| To do |
Locate every line below that contains the word "addrA" and copy it.

^^^^

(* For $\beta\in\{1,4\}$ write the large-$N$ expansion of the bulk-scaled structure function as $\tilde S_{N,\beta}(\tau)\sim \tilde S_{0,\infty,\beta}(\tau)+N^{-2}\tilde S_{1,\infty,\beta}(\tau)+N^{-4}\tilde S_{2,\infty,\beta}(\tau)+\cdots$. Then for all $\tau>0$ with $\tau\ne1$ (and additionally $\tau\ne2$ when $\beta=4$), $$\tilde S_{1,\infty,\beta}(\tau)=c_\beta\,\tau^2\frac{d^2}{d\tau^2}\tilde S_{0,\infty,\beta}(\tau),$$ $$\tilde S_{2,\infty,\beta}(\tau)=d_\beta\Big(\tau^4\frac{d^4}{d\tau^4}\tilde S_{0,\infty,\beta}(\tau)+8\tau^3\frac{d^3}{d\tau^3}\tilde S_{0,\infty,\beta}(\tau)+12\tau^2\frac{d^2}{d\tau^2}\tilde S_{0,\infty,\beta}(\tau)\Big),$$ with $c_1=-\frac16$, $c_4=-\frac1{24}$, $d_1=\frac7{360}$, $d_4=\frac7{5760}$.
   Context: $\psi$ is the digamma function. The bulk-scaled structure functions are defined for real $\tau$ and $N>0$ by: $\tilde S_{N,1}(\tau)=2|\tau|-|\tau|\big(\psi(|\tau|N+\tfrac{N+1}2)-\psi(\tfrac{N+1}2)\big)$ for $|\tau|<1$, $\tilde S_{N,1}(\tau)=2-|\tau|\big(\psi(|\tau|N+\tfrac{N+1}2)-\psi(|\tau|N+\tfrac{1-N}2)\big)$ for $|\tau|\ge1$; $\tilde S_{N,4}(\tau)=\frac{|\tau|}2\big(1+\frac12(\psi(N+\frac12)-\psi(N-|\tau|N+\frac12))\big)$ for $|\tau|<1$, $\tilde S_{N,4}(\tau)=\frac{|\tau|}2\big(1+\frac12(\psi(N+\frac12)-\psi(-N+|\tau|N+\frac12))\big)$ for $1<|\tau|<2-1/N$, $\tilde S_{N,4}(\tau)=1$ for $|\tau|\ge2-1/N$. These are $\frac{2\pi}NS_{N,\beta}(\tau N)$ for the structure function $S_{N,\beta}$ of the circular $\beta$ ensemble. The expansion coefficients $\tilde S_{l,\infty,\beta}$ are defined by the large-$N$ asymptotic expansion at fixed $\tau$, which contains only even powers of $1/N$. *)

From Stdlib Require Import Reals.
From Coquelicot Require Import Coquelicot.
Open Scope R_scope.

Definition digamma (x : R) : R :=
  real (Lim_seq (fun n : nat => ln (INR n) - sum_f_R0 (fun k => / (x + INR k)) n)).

^^^^

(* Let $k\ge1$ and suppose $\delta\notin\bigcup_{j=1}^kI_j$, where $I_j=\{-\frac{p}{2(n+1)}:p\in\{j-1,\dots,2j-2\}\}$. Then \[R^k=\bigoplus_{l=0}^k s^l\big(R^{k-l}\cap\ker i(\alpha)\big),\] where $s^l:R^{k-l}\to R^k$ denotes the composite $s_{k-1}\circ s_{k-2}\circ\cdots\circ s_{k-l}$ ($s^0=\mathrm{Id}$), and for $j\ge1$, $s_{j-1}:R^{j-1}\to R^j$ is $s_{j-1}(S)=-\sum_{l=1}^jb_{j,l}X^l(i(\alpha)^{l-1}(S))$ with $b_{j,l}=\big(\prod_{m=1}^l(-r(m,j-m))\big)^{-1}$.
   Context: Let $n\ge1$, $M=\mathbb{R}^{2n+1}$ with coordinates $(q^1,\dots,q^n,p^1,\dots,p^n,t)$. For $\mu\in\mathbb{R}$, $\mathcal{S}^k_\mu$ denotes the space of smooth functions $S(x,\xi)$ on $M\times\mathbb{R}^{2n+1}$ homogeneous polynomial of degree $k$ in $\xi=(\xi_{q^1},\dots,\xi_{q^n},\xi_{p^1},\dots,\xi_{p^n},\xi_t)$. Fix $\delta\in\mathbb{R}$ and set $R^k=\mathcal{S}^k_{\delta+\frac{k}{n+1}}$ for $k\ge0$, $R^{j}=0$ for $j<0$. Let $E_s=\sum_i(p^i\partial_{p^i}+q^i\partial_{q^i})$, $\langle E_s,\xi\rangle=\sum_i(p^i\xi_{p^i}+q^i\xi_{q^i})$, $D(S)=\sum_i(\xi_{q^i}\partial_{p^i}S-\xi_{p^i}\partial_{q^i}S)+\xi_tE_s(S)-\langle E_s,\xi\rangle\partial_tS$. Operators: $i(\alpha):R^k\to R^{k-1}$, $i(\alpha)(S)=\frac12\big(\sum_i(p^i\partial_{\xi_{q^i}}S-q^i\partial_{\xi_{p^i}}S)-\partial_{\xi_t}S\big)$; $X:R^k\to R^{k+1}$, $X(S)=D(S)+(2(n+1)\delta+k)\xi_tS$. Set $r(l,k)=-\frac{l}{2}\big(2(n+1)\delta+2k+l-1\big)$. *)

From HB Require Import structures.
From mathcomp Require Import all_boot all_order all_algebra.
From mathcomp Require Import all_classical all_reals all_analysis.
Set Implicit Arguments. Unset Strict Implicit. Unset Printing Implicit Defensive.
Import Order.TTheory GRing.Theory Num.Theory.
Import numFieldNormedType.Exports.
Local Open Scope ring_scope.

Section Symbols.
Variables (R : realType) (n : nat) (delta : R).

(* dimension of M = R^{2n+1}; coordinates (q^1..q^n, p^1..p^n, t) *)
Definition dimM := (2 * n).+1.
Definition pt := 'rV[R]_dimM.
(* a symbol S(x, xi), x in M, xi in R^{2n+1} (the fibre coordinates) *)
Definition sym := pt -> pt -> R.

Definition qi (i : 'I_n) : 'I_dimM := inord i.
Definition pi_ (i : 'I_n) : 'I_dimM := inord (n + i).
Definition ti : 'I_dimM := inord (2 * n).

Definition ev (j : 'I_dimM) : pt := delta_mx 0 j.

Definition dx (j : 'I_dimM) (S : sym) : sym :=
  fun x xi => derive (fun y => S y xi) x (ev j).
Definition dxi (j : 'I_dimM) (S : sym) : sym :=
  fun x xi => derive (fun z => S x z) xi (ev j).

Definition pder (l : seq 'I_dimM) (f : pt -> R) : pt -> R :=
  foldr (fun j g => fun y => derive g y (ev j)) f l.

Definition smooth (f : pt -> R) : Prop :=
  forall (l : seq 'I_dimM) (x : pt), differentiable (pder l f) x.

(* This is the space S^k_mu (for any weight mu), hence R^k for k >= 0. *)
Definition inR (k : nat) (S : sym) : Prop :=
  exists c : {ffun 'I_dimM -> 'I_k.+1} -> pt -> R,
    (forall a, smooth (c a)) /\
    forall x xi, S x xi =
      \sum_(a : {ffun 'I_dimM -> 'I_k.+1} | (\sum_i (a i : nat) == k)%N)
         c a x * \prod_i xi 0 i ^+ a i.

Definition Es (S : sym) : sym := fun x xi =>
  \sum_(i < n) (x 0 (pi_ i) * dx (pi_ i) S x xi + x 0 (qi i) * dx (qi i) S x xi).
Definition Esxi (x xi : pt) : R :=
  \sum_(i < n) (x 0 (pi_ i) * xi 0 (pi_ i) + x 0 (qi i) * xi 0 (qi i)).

^^^^

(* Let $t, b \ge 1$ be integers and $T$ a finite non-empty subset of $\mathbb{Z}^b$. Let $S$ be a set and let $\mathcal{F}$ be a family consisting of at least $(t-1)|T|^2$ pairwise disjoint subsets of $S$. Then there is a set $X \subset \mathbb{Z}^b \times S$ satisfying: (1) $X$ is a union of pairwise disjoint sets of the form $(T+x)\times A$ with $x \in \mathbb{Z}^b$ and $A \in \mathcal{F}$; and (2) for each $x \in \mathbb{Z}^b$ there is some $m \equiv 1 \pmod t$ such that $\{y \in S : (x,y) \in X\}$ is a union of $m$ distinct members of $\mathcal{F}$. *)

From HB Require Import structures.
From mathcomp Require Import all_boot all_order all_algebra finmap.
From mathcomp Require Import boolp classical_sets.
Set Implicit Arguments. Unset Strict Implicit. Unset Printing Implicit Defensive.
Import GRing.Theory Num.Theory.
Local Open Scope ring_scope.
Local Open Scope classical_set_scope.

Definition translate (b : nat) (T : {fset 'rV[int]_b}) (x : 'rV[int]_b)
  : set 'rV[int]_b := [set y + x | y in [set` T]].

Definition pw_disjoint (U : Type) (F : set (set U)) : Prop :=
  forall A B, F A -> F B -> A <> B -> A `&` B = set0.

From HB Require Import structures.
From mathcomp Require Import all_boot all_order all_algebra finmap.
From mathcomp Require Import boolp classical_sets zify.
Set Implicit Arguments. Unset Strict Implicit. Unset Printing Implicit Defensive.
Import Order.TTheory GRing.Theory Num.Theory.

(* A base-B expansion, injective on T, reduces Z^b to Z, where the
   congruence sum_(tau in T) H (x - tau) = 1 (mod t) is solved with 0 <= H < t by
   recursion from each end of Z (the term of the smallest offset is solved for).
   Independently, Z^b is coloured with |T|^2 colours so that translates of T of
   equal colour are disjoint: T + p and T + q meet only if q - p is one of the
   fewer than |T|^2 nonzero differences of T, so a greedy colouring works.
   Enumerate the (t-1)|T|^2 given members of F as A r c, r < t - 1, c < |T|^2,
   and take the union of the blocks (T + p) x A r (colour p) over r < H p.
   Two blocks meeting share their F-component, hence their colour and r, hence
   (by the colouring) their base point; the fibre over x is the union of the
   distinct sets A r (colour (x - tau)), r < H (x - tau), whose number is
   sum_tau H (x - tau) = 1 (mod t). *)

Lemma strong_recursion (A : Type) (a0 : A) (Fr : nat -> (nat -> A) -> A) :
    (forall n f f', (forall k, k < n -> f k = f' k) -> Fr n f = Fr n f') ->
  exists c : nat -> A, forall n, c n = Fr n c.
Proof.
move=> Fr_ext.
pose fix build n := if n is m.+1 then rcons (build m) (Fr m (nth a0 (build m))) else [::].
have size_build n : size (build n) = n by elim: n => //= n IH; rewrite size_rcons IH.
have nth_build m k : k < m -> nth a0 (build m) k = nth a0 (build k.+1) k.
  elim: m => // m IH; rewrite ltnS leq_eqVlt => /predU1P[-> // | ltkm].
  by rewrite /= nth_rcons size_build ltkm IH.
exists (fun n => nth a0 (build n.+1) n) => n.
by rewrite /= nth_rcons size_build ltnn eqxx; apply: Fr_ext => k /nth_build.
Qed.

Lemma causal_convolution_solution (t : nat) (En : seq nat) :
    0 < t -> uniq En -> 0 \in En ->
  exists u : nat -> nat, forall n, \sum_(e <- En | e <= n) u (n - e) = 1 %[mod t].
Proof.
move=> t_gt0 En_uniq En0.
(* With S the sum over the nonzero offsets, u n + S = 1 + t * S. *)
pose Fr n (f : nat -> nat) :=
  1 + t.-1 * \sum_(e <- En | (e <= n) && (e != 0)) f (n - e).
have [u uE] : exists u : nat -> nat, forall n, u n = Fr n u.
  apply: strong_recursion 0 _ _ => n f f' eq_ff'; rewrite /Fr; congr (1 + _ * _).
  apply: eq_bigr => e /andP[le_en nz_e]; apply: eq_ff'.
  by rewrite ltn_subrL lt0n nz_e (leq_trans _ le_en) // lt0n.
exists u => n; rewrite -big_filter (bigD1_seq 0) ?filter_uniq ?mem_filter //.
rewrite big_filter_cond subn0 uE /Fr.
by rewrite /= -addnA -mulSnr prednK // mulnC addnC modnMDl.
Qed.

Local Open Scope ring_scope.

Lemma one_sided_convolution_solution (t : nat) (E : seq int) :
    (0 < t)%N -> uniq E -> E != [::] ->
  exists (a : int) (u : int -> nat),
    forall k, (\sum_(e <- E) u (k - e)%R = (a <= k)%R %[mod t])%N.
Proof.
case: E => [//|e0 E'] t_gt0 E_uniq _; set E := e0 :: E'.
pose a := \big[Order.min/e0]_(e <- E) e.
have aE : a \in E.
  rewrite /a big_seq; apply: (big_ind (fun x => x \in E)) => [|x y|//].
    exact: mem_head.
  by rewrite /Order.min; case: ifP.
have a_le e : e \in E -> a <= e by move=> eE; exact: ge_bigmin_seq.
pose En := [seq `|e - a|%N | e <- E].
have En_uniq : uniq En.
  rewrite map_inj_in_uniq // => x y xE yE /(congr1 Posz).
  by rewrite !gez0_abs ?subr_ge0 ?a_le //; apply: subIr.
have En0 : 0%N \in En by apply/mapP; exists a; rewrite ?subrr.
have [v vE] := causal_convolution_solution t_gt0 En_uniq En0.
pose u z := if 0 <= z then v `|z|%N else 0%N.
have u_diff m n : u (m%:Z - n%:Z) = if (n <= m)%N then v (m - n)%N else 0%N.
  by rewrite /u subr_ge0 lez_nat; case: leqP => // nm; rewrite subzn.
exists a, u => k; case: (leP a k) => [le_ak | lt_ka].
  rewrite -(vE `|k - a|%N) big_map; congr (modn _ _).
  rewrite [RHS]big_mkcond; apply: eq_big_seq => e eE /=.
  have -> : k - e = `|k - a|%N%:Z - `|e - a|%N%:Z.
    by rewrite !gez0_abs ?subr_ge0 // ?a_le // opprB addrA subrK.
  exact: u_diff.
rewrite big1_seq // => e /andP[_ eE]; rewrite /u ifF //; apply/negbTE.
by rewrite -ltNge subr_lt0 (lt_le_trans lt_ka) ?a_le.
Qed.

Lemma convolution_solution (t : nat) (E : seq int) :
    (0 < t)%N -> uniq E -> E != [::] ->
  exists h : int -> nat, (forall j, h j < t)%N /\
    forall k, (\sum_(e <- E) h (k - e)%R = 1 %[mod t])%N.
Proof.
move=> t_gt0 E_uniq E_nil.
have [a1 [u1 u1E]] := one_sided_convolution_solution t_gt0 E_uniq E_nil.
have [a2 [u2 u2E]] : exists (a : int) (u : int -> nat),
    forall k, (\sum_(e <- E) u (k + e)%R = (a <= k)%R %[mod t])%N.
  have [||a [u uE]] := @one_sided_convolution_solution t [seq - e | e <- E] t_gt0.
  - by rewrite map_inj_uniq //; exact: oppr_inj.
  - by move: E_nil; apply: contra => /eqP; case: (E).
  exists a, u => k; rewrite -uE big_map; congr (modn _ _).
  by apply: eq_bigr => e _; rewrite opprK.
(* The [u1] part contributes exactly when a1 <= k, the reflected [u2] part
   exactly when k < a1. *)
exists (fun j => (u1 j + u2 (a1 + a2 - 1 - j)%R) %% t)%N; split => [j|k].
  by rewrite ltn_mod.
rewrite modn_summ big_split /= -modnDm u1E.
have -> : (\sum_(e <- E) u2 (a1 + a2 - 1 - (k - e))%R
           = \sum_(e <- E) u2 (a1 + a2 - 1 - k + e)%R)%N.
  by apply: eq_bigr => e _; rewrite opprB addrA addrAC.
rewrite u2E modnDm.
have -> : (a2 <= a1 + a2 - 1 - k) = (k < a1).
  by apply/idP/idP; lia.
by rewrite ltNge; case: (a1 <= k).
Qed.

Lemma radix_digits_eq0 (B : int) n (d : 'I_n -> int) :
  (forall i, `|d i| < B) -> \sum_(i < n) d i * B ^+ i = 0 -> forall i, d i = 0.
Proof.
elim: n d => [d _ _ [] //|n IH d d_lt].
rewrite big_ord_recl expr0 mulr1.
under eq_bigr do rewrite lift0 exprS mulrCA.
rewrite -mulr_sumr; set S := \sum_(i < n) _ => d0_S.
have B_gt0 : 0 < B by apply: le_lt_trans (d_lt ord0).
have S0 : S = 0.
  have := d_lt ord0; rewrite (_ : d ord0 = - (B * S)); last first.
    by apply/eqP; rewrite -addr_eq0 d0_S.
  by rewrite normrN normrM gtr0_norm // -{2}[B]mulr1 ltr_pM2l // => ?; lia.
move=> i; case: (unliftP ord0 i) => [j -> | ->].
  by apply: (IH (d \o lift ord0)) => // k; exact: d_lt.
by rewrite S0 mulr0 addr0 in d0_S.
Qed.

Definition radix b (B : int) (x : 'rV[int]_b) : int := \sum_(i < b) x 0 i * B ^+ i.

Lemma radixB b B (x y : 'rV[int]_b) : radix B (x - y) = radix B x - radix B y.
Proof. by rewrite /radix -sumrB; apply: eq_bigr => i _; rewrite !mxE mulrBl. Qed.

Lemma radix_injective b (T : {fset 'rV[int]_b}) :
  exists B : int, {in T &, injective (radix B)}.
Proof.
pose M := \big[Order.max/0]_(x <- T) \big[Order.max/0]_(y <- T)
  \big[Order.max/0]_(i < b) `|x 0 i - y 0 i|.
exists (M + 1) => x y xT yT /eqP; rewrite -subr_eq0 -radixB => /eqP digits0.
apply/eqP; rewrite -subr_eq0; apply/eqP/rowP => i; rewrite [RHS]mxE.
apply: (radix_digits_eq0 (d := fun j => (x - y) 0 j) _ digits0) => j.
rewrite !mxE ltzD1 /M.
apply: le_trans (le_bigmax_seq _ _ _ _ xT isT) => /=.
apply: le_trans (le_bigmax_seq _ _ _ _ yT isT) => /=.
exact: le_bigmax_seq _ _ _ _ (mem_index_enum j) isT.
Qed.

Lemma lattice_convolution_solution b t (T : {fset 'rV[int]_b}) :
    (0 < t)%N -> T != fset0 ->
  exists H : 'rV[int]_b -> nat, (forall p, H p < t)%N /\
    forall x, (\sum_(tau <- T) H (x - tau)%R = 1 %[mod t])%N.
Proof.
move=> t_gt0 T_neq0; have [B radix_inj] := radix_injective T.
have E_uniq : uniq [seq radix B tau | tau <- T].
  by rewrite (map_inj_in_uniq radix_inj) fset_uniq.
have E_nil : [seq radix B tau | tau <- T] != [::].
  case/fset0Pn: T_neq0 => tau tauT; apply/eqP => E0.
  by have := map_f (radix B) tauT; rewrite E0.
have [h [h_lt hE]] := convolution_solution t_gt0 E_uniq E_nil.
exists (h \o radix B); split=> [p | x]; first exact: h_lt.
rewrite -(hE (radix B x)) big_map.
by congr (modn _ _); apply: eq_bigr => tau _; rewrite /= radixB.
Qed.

^^^^

| Solution for this task |
    by rewrite !gez0_abs ?subr_ge0 // ?a_le // opprB addrA subrK.
  by apply: eq_bigr => e _; rewrite opprB addrA addrAC.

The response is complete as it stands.